A long-running war in the southern city of Marawi between government troops and Muslim militants is having little impact on the Philippine economy, which recorded a better-than-expected 6.5 per cent growth in the second quarter on a rebound in government spending and the farming sector.
"Marawi is not really a factor in terms of investment, not even in Mindanao, because (the crisis) is really contained in Marawi," Mr Ernesto Pernia, the government's chief economic planner, said at a news briefing yesterday.
He said martial law in Mindanao is even lifting business sentiment as it "is making businessmen feel safer and more confident about investing in Mindanao".
President Rodrigo Duterte imposed martial rule across Mindanao a day after hundreds of militants allied with the ultra-radical Islamic State in Iraq and Syria stormed Marawi on May 23.
The military said only 20 to 40 gunmen were still holed up in the now-devastated commercial centre, but that the threat remained.
Defence Secretary Delfin Lorenzana said the fighting had already cost the government three billion pesos (S$80 billion), and it might drag on for at least another month.
Mr Rajiv Biswas, IHS Markit chief Asia-Pacific economist, told Reuters that Marawi is still a "potential risk to the near-term economic outlook". But Mr Pernia insisted the fallout from the conflict has not spread to the rest of Mindanao.
Falling peso 'not a concern'
The Philippines is enjoying a construction boom, but that is also dragging the peso down. The peso has been falling since last month because of rising imports of capital goods and raw materials, setting the nation on course for its first current account deficit in 15 years. It is now at an 11-year low and on track to becoming Asia's weakest currency.
But policymakers are unperturbed. "There's really no reason for concern. It's being monitored very closely by the central bank. It's unlikely to really gyrate wildly," Manila's chief economic planner, Mr Ernesto Pernia, said yesterday. Central bank chief Nestor Espenilla said on Wednesday the current account deficit reflects a construction boom that should lead to higher growth.

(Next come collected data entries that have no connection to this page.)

Variables (lam : R -> R) (eps : R) (theta omega thr tht omr omt : R -> R -> R).
Hypothesis lam_periodic : forall t, lam (t + 1) = lam t.
Hypothesis lam_continuous : forall t, continuity_pt lam t.
Hypothesis eps_pos : 0 < eps.
Hypotheses (theta_periodic : periodic_on eps theta) (omega_periodic : periodic_on eps omega).
Hypotheses (theta_cont : cont_on (half_cyl eps) theta)
  (omega_cont : cont_on (half_cyl eps) omega).
Hypotheses
  (theta_dt : forall r t, 0 <= r < eps -> is_derive (fun t' => theta r t') t (tht r t))
  (omega_dt : forall r t, 0 <= r < eps -> is_derive (fun t' => omega r t') t (omt r t))
  (theta_dr : forall r t, 0 < r < eps -> is_derive (fun r' => theta r' t) r (thr r t))
  (omega_dr : forall r t, 0 < r < eps -> is_derive (fun r' => omega r' t) r (omr r t)).
Hypotheses (thr_cont : cont_on (half_cyl eps) thr) (tht_cont : cont_on (half_cyl eps) tht)
  (omr_cont : cont_on (half_cyl eps) omr) (omt_cont : cont_on (half_cyl eps) omt).
Hypothesis twist : forall t, Derive (fun s => theta 0 s) t < - lam t * sin (2 * theta 0 t).
Hypothesis omega_theta_0 : forall t, omega 0 t = theta 0 t.

Lemma phimu_dr mu r t : 0 < r < eps ->
  is_derive (fun r' => phimu mu theta omega r' t) r (mu * omr r t + (1 - mu) * thr r t).
Proof.
  intro Hr. apply (is_derive_plus (fun r' => mu * omega r' t) (fun r' => (1 - mu) * theta r' t));
    apply is_derive_scal; auto.
Qed.

Lemma phimu_dt mu r t : 0 <= r < eps ->
  is_derive (fun t' => phimu mu theta omega r t') t (mu * omt r t + (1 - mu) * tht r t).
Proof.
  intro Hr. apply (is_derive_plus (fun t' => mu * omega r t') (fun t' => (1 - mu) * theta r t'));
    apply is_derive_scal; auto.
Qed.

Lemma lam_bounded : exists L, 0 <= L /\ forall t, Rabs (lam t) <= L.
Proof.
  destruct (periodic_continuous_max (fun t => Rabs (lam t))) as [M HM].
  - intro t. now rewrite lam_periodic.
  - intro t. apply (continuity_pt_comp lam Rabs); [apply lam_continuous | apply Rcontinuity_abs].
  - exists (Rabs (lam M)). split; [apply Rabs_pos | exact HM].
Qed.

Lemma phimu_dr_bounded : exists K d, 0 <= K /\ 0 < d /\
  forall mu r t, 0 <= mu <= 1 -> 0 < r < d -> Rabs (mu * omr r t + (1 - mu) * thr r t) <= K.
Proof.
  destruct (cont_on_bounded_near_0 eps thr eps_pos thr_cont
    (periodic_dr eps theta thr theta_periodic theta_dr)) as [K1 [d1 [Hd1 HK1]]].
  destruct (cont_on_bounded_near_0 eps omr eps_pos omr_cont
    (periodic_dr eps omega omr omega_periodic omega_dr)) as [K2 [d2 [Hd2 HK2]]].
  exists (Rabs K1 + Rabs K2 + 1), (Rmin d1 d2).
  split; [pose proof (Rabs_pos K1); pose proof (Rabs_pos K2); lra|].
  split; [now apply Rmin_pos|].
  intros mu r t Hmu Hr. pose proof (Rmin_l d1 d2). pose proof (Rmin_r d1 d2).
  apply Rlt_le. rewrite <- (Rminus_0_r (_ + _)).
  apply convex_comb_close; [exact Hmu | |]; rewrite Rminus_0_r.
  - pose proof (HK2 r t ltac:(lra)). pose proof (Rle_abs K2). pose proof (Rabs_pos K1). lra.
  - pose proof (HK1 r t ltac:(lra)). pose proof (Rle_abs K1). pose proof (Rabs_pos K2). lra.
Qed.

Lemma twist_margin :
  exists m, 0 < m /\ forall t, tht 0 t + lam t * sin (2 * theta 0 t) <= - m.
Proof.
  set (g t := tht 0 t + lam t * sin (2 * theta 0 t)).
  destruct (periodic_continuous_max g) as [M HM].
  - intro t. unfold g.
    rewrite lam_periodic, (periodic_on_dt eps theta tht theta_periodic theta_dt),
      theta_periodic by lra.
    reflexivity.
  - intro t. unfold g. apply continuity_pt_plus; [now apply (cont_on_slice eps)|].
    apply continuity_pt_mult; [apply lam_continuous|].
    apply (continuity_pt_comp (fun s => 2 * theta 0 s) sin); [|apply continuity_sin].
    apply continuity_pt_scal. now apply (cont_on_slice eps).
  - exists (- g M). split.
    + specialize (twist M).
      replace (Derive (fun s => theta 0 s) M) with (tht 0 M) in twist
        by (symmetry; apply is_derive_unique, theta_dt; lra).
      unfold g. lra.
    + intro t. rewrite Ropp_involutive. apply HM.
Qed.

Lemma phimu_twist_near_0 : exists m d, 0 < m /\ 0 < d /\
  forall mu r t, 0 <= mu <= 1 -> 0 <= r < d ->
    mu * omt r t + (1 - mu) * tht r t + lam t * sin (2 * phimu mu theta omega r t) <= - m.
Proof.
  destruct twist_margin as [m [Hm Hmargin]].
  destruct lam_bounded as [L [HL0 HL]].
  set (del := m / (2 * (1 + 2 * L))).
  assert (Hdel : 0 < del) by (unfold del; apply Rdiv_lt_0_compat; lra).
  assert (Hdel_m : del * (1 + 2 * L) = m / 2) by (unfold del; field; lra).
  pose proof (periodic_on_dt eps theta tht theta_periodic theta_dt) as tht_periodic.
  pose proof (periodic_on_dt eps omega omt omega_periodic omega_dt) as omt_periodic.
  assert (omt_tht_0 : forall t, omt 0 t = tht 0 t).
  { intro t. rewrite <- (is_derive_unique _ _ _ (theta_dt 0 t ltac:(lra))).
    symmetry. apply is_derive_unique, (is_derive_ext (fun s => omega 0 s));
      [apply omega_theta_0 | apply omega_dt; lra]. }
  destruct (cont_on_unif_near_0 eps theta eps_pos theta_periodic theta_cont del Hdel)
    as [d1 [Hd1 Hc1]].
  destruct (cont_on_unif_near_0 eps omega eps_pos omega_periodic omega_cont del Hdel)
    as [d2 [Hd2 Hc2]].
  destruct (cont_on_unif_near_0 eps tht eps_pos tht_periodic tht_cont del Hdel)
    as [d3 [Hd3 Hc3]].
  destruct (cont_on_unif_near_0 eps omt eps_pos omt_periodic omt_cont del Hdel)
    as [d4 [Hd4 Hc4]].
  exists (m / 2), (Rmin (Rmin d1 d2) (Rmin d3 d4)).
  split; [lra|]. split; [repeat apply Rmin_pos; assumption|].
  intros mu r t Hmu Hr.
  destruct (Rmin_Rgt_l _ _ _ (proj2 Hr)) as [[Hr1 Hr2]%Rmin_Rgt_l [Hr3 Hr4]%Rmin_Rgt_l].
  assert (Hp : Rabs (phimu mu theta omega r t - theta 0 t) < del).
  { apply convex_comb_close; [exact Hmu | rewrite <- omega_theta_0 | ];
      [apply Hc2 | apply Hc1]; lra. }
  assert (Hpt : Rabs (mu * omt r t + (1 - mu) * tht r t - tht 0 t) < del).
  { apply convex_comb_close; [exact Hmu | rewrite <- omt_tht_0 | ];
      [apply Hc4 | apply Hc3]; lra. }
  assert (Hsin : Rabs (lam t * (sin (2 * phimu mu theta omega r t) - sin (2 * theta 0 t)))
                 <= L * (2 * del)).
  { rewrite Rabs_mult. apply Rmult_le_compat; [apply Rabs_pos | apply Rabs_pos | apply HL |].
    eapply Rle_trans; [apply sin_lipschitz|].
    replace (2 * _ - 2 * _) with (2 * (phimu mu theta omega r t - theta 0 t)) by ring.
    rewrite Rabs_mult, Rabs_pos_eq by lra. lra. }
  specialize (Hmargin t). apply Rabs_lt_between' in Hpt. apply Rabs_le_between in Hsin.
  lra.
Qed.

End PhiMu.
(* In the two-source model, let $t\in\mathbb N$ and let $(U_t,X_t,Q_t)$ be any joint distribution (with the given marginal of $(U_t,X_t)$) such that $X_t\in Q_t$ almost surely and $Q_t$ is independent of $U_t$. Then $$\mathbb E|Q_t|\;\ge\;2-\pi_t(A)-\pi_t(B).$$ Consequently, any scheme satisfying decodability and the privacy constraint $I(X_{\mathcal B_t};Q_0,\dots,Q_t)=0$ has $1/R_t\ge 2-\pi_t(A)-\pi_t(B)$.
   Context: Requests $X_t\in\{A,B\}$, $t\ge0$, form a Markov chain with transition matrix $M$; privacy modes $F_t$ are a known sequence with $F_0=\mathrm{ON}$. Queries take values in $\{\{A\},\{B\},\{A,B\}\}$ with download cost $|Q_t|L$, and the rate satisfies $R_t\le L/(L\,\mathbb E|Q_t|)$. $\mathcal B_t=\{i\le t: F_i=\mathrm{ON}\}\cup\{i: i\ge t+1\}$, $F^-(t)=\max\{i\le t: F_i=\mathrm{ON}\}$, $U_t=(X_{F^-(t)},X_{t+1})$ (note $F^-(t),t+1\in\mathcal B_t$), $p(x\mid u)=P(X_t=x\mid U_t=u)$, and $\pi_t(x)=\min_u p(x\mid u)$ over $u\in\{A,B\}^2$ with $P(U_t=u)>0$. *)

From HB Require Import structures.
From mathcomp Require Import all_boot all_order all_algebra.
Set Implicit Arguments. Unset Strict Implicit. Unset Printing Implicit Defensive.
Import Order.TTheory GRing.Theory Num.Theory.
Local Open Scope ring_scope.

Inductive req := A | B.
Definition req2bool (r : req) : bool := if r is A then true else false.
Definition bool2req (b : bool) : req := if b then A else B.
Lemma req_can : cancel req2bool bool2req. Proof. by case. Qed.
HB.instance Definition _ := Finite.copy req (can_type req_can).

Section Model.
Variable R : realFieldType.

(* M : transition matrix (M a b = P(X_{s+1}=b | X_s=a)), mu : law of X_0. *)
Definition stochastic (M : req -> req -> R) :=
  (forall a b, 0 <= M a b) /\ (forall a, \sum_(b : req) M a b = 1).
Definition distrib (mu : req -> R) :=
  (forall a, 0 <= mu a) /\ \sum_(a : req) mu a = 1.

Fixpoint Mpow (M : req -> req -> R) (k : nat) (a b : req) : R :=
  match k with
  | 0 => (a == b)%:R
  | k'.+1 => \sum_(c : req) Mpow M k' a c * M c b
  end.

Definition muAt (M : req -> req -> R) (mu : req -> R) (s : nat) (a : req) : R :=
  \sum_(c : req) mu c * Mpow M s c a.

(* Privacy modes: F i = true means F_i = ON. *)
(* F^-(t) = max { i <= t : F_i = ON } (equals 0 when F 0 = ON and no other). *)
Fixpoint Fminus (F : nat -> bool) (t : nat) : nat :=
  match t with
  | 0 => 0
  | t'.+1 => if F t then t else Fminus F t'
  end.

Definition inB (F : nat -> bool) (t i : nat) : bool := ((i <= t)%N && F i) || (t < i)%N.

(* joint law of (U_t, X_t) with U_t = (X_{F^-(t)}, X_{t+1}) *)
Definition pUX (M : req -> req -> R) (mu : req -> R) (F : nat -> bool) (t : nat)
  (u : req * req) (x : req) : R :=
  muAt M mu (Fminus F t) u.1 * Mpow M (t - Fminus F t) u.1 x * M x u.2.

Definition pU M mu F t (u : req * req) : R := \sum_(x : req) pUX M mu F t u x.

Definition pcond M mu F t (x : req) (u : req * req) : R := pUX M mu F t u x / pU M mu F t u.

(* pi_t(x) = min over u with P(U_t=u)>0 of p(x|u); the neutral element 1 is harmless
   since conditional probabilities are <= 1. *)
Definition pi_t M mu F t (x : req) : R :=
  \big[Num.min/1]_(u : req * req | 0 < pU M mu F t u) pcond M mu F t x u.

Definition pathProb (M : req -> req -> R) (mu : req -> R) (n : nat)
  (xs : {ffun 'I_n.+1 -> req}) : R :=
  mu (xs ord0) * \prod_(i < n) M (xs (inord i)) (xs (inord i.+1)).

End Model.

From HB Require Import structures.
From mathcomp Require Import all_boot all_order all_algebra.
From mathcomp Require Import lra zify.
Set Implicit Arguments. Unset Strict Implicit. Unset Printing Implicit Defensive.
Import Order.TTheory GRing.Theory Num.Theory.
Local Open Scope ring_scope.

President Rodrigo Duterte has unveiled a six-year, US$180 billion (S$246 billion) spending spree to build new railways and upgrade the country's creaking roads and airports to help lift growth to as much as 8 per cent during his term.
Mr Espenilla said the Philippines' good credit standing and low external debt, as well as remittances from millions of Filipinos working abroad and incomes by a burgeoning outsourcing industry should help keep the deficit at just 1 per cent of gross domestic product.

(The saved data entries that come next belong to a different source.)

(* For any integrable kernel $\kappa$ on a type space $(\mathcal S,\mu)$ we have, for $x\in\mathcal S$, $\chi(\kappa;x)=\sum_{j=0}^\infty T_\kappa^j1(x)$, $\quad\chi(\kappa)=\mu(\mathcal S)^{-1}\sum_{j=0}^\infty\int_{\mathcal S}T_\kappa^j1\,d\mu=\mu(\mathcal S)^{-1}\sum_{j=0}^\infty\langle T_\kappa^j1,1\rangle_\mu$, $\hat\chi(\kappa;x)=(1-\rho(\kappa;x))\sum_{j=0}^\infty\hat T_\kappa^j1(x)$, $\quad\hat\chi(\kappa)=\mu(\mathcal S)^{-1}\sum_{j=0}^\infty\int_{\mathcal S}\hat T_\kappa^j1\,d\hat\mu=\mu(\mathcal S)^{-1}\sum_{j=0}^\infty\langle\hat T_\kappa^j1,1\rangle_{\hat\mu}$.
   Context: A type space is a measure space $(\mathcal S,\mu)$ with $0<\mu(\mathcal S)<\infty$; a kernel is a symmetric measurable $\kappa:\mathcal S^2\to[0,\infty)$, integrable if $\int_{\mathcal S^2}\kappa<\infty$; it is assumed that $\int\kappa(x,y)\,d\mu(y)<\infty$ for every $x$. The branching process $\mathfrak X_\kappa(x)$ starts with one particle of type $x$; each particle of type $y$ independently has children whose types form a Poisson process on $\mathcal S$ with intensity $\kappa(y,z)\,d\mu(z)$; $|\mathfrak X_\kappa(x)|\in\{1,2,\dots,\infty\}$ is the total population. $\rho(\kappa;x)=\mathbb P(|\mathfrak X_\kappa(x)|=\infty)$, $\chi(\kappa;x)=\mathbb E|\mathfrak X_\kappa(x)|$, $\hat\chi(\kappa;x)=\mathbb E(|\mathfrak X_\kappa(x)|;|\mathfrak X_\kappa(x)|<\infty)$, $\chi(\kappa)=\mu(\mathcal S)^{-1}\int\chi(\kappa;x)d\mu(x)$, $\hat\chi(\kappa)=\mu(\mathcal S)^{-1}\int\hat\chi(\kappa;x)d\mu(x)$. $T_\kappa f(x)=\int\kappa(x,y)f(y)\,d\mu(y)$ (defined in $[0,\infty]$ for $f\ge0$); $1$ is the constant function; $\langle f,g\rangle_\nu=\int fg\,d\nu$. $\hat\mu$ is the measure $d\hat\mu(x)=(1-\rho(\kappa;x))\,d\mu(x)$ and $\hat T_\kappa f=T_\kappa\big(f(1-\rho(\kappa;\cdot))\big)$, i.e. the integral operator with kernel $\kappa$ with respect to $\hat\mu$. *)

From HB Require Import structures.
From mathcomp Require Import all_boot all_order all_algebra.
From mathcomp Require Import all_classical all_reals all_analysis.
Set Implicit Arguments. Unset Strict Implicit. Unset Printing Implicit Defensive.
Import Order.TTheory GRing.Theory Num.Theory.
Local Open Scope classical_set_scope.
Local Open Scope ring_scope.
Local Open Scope ereal_scope.

Section branching.
Context {d : measure_display} {T : measurableType d} {R : realType}.
Variable mu : {measure set T -> \bar R}.
Variable kappa : T -> T -> R.

Definition Tk (f : T -> \bar R) : T -> \bar R :=
  fun x => \int[mu]_y ((kappa x y)%:E * f y).

Definition wint (w f : T -> \bar R) : \bar R := \int[mu]_x (w x * f x).

Definition wip (w f g : T -> \bar R) : \bar R := \int[mu]_x (w x * (f x * g x)).

Fixpoint multint (k : nat) (G : seq T -> \bar R) : \bar R :=
  match k with
  | 0%N => G [::]
  | k'.+1 => \int[mu]_z multint k' (fun zs => G (z :: zs))
  end.

Definition lam (y : T) : R := fine (\int[mu]_z (kappa y z)%:E).

(** Expectation of F(children of a particle of type y): the children types form
    a Poisson process with (finite) intensity kappa(y,z) dmu(z), i.e. their number
    is Poisson(lam y) and, given it equals k, they are i.i.d. with law
    kappa(y,z) dmu(z) / lam y. *)
Definition childE (y : T) (F : seq T -> \bar R) : \bar R :=
  (expR (- lam y))%:E *
  \sum_(0 <= k <oo)
     ((k`!%:R)^-1%:E * multint k (fun zs => F zs * (\prod_(z <- zs) kappa y z)%:E)).

(** Expectation of F(next generation) given the current generation ys:
    particles reproduce independently, children lists are concatenated. *)
Fixpoint offE (ys : seq T) (F : seq T -> \bar R) : \bar R :=
  match ys with
  | [::] => F [::]
  | y :: ys' => childE y (fun c => offE ys' (fun c' => F (c ++ c')))
  end.

(** Expectation of G(Z_1,...,Z_n) for the generation process started from
    generation Z_0 = zs. *)
Fixpoint pathE (n : nat) (zs : seq T) (G : seq (seq T) -> \bar R) : \bar R :=
  match n with
  | 0%N => G [::]
  | n'.+1 => offE zs (fun z1 => pathE n' z1 (fun rest => G (z1 :: rest)))
  end.

(** Number of particles in generations 0..n of a path started from one particle. *)
Definition popsize (p : seq (seq T)) : \bar R := ((1 + sumn (map size p))%N%:R)%:E.

(** Indicator that the last generation of the path (Z_0 = [x]) is empty. *)
Definition extinct_by (x : T) (p : seq (seq T)) : bool := nilp (last [:: x] p).

(** chi(kappa;x) = E |X_kappa(x)| = lim_n E(#particles in generations 0..n). *)
Definition chi_x (x : T) : \bar R :=
  ereal_sup (range (fun n => pathE n [:: x] popsize)).

(** rho(kappa;x) = P(|X_kappa(x)| = oo) = lim_n P(Z_n nonempty). *)
Definition rho_x (x : T) : \bar R :=
  ereal_inf (range (fun n => pathE n [:: x]
                     (fun p => if extinct_by x p then 0 else 1))).

(** hat chi(kappa;x) = E(|X|; |X| < oo) = lim_n E(|X|; Z_n empty). *)
Definition chihat_x (x : T) : \bar R :=
  ereal_sup (range (fun n => pathE n [:: x]
                     (fun p => if extinct_by x p then popsize p else 0))).

Definition chi_avg : \bar R := ((fine (mu setT))^-1)%:E * \int[mu]_x chi_x x.
Definition chihat_avg : \bar R := ((fine (mu setT))^-1)%:E * \int[mu]_x chihat_x x.

(** weight 1 - rho of the measure hat mu, and hat T_kappa f = T_kappa (f (1-rho)). *)
Definition hatw (x : T) : \bar R := 1 - rho_x x.
Definition That (f : T -> \bar R) : T -> \bar R := Tk (fun y => f y * hatw y).

End branching.

From HB Require Import structures.
From mathcomp Require Import all_boot all_order all_algebra.
From mathcomp Require Import all_classical all_reals all_analysis.
From mathcomp Require Import measurable_realfun ring.
Import Order.TTheory GRing.Theory Num.Theory.
Import numFieldNormedType.Exports.
Local Open Scope classical_set_scope.
Local Open Scope ring_scope.
Local Open Scope ereal_scope.

(* The children of a particle of type y form a Poisson process with intensity
   kappa(y,z) dmu(z), so for measurable phi : S -> [0,1] and g >= 0
     E prod_(children z) phi z = exp (int kappa(y,z) (phi z - 1) dmu(z)) =: G phi y,
     E [prod_(children) phi * sum_(children) g] = G phi y * int kappa(y,z) phi(z) g(z) dmu(z).
   Iterating over generations, extinction by generation n has probability
   q_n = G^n 0, and the expected size of generations 0..n, weighted by the
   product of q over generation n, is 1 + u_n with u_(n+1) = T_kappa (G^n q * (1 + u_n)).
   For q = 1 these are the partial sums of sum_j T_kappa^j 1.  For q = 0, q_n
   increases to 1 - rho and 1 + u_n to some V with V = 1 + hat T_kappa V by
   monotone convergence; V is then squeezed between the partial sums of
   sum_j hat T_kappa^j 1 and their limit.  Integrating term by term gives the
   averaged identities. *)

Section multint_moments.
Context d (T : measurableType d) (R : realType) (mu : {measure set T -> \bar R}).

Lemma multint_prod_lin (f1 f2 : T -> R) (k : nat) (a b : R) :
  mu.-integrable setT (EFin \o f1) -> mu.-integrable setT (EFin \o f2) ->
  multint mu k (fun zs => (a * \prod_(z <- zs) f1 z + b * \prod_(z <- zs) f2 z)%:E)
  = (a * (fine (\int[mu]_z (f1 z)%:E)) ^+ k
     + b * (fine (\int[mu]_z (f2 z)%:E)) ^+ k)%:E.
Proof.
move=> i1 i2; set J1 := fine _; set J2 := fine _.
have E1 : \int[mu]_z (f1 z)%:E = J1%:E by rewrite fineK//; exact: integrable_fin_num.
have E2 : \int[mu]_z (f2 z)%:E = J2%:E by rewrite fineK//; exact: integrable_fin_num.
elim: k a b => [|k IH] a b /=; first by rewrite !big_nil !expr0 !mulr1.
transitivity (\int[mu]_z ((a * J1 ^+ k)%:E * (f1 z)%:E + (b * J2 ^+ k)%:E * (f2 z)%:E)).
  apply: eq_integral => z _; rewrite -!EFinM -EFinD.
  have -> : (a * J1 ^+ k * f1 z + b * J2 ^+ k * f2 z
             = (a * f1 z) * J1 ^+ k + (b * f2 z) * J2 ^+ k)%R by ring.
  rewrite -IH; congr (multint _ _ _); apply/funext => zs.
  by rewrite !big_cons; congr (_%:E); ring.
rewrite integralD//; [|exact: integrableZl|exact: integrableZl].
rewrite !integralZl// E1 E2 -!EFinM -EFinD; congr (_%:E).
by rewrite !exprS; ring.
Qed.

Lemma integral_affine (f : T -> R) (g : T -> \bar R) (c B : R) (A : \bar R) :
  (forall z, 0 <= f z)%R -> measurable_fun setT f -> \int[mu]_z (f z)%:E < +oo ->
  (forall z, 0 <= g z) -> measurable_fun setT g -> (0 <= c)%R -> (0 <= B)%R -> 0 <= A ->
  \int[mu]_z ((c * f z)%:E * (A + B%:E * g z)) =
  c%:E * ((fine (\int[mu]_z (f z)%:E))%:E * A + B%:E * \int[mu]_z ((f z)%:E * g z)).
Proof.
move=> f0 mf fi g0 mg c0 B0 A0.
have mfE : measurable_fun setT (EFin \o f) by exact/measurable_EFinP.
have fg0 z : 0 <= (f z)%:E * g z by rewrite mule_ge0 ?lee_fin.
have Jf0 : 0 <= \int[mu]_z (f z)%:E by apply: integral_ge0 => z _; rewrite lee_fin.
transitivity (\int[mu]_z ((c%:E * A) * (f z)%:E + (c * B)%:E * ((f z)%:E * g z))).
  apply: eq_integral => z _; rewrite ge0_muleDr ?mule_ge0 ?lee_fin// !EFinM.
  by congr (_ + _); [exact: muleAC|exact: muleACA].
rewrite ge0_integralD//; last 4 first.
- by move=> z _; rewrite mule_ge0 ?mule_ge0 ?lee_fin.
- exact: emeasurable_funM.
- by move=> z _; rewrite mule_ge0 ?lee_fin ?mulr_ge0.
- by apply: emeasurable_funM => //; exact: emeasurable_funM.
rewrite !ge0_integralZl ?mule_ge0 ?lee_fin ?mulr_ge0//; last 2 first.
- exact: emeasurable_funM.
- by move=> z _; rewrite lee_fin.
have EJ : (fine (\int[mu]_z (f z)%:E))%:E = \int[mu]_z (f z)%:E.
  by rewrite fineK// ge0_fin_numE.
rewrite EJ (ge0_muleDr c%:E); last 2 first.
- exact: mule_ge0 Jf0 A0.
- by apply: mule_ge0; [rewrite lee_fin|apply: integral_ge0 => z _].
by rewrite EFinM !muleA (muleAC c%:E).
Qed.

He said growth centres like Davao, Mr Duterte's home city, are thriving. Big multinational firms like Dole and Del Monte, as well as the Philippines' biggest conglomerates, have set up operations in Mindanao, home to about 22 million.
But they have stayed away from areas racked by a decades-long war between the government and Muslims trying to carve out their own region, like Marawi, one of the Philippines' poorest.
With growth at 6.5 per cent, the Philippines has the second fastest- growing economy in Asia, after China. It continues to be held up by billions worth of remittances from Filipinos working abroad and a booming outsourcing industry.
A government-led construction boom and a recovery by the farming sector from the long dry spell associated with the El Nino weather phenomenon offset a slack in private investment.
"We remain one of the best-performing economies in Asia. We are well on track to meeting our full-year target growth of 6.5 per cent to 7 per cent," said Mr Pernia.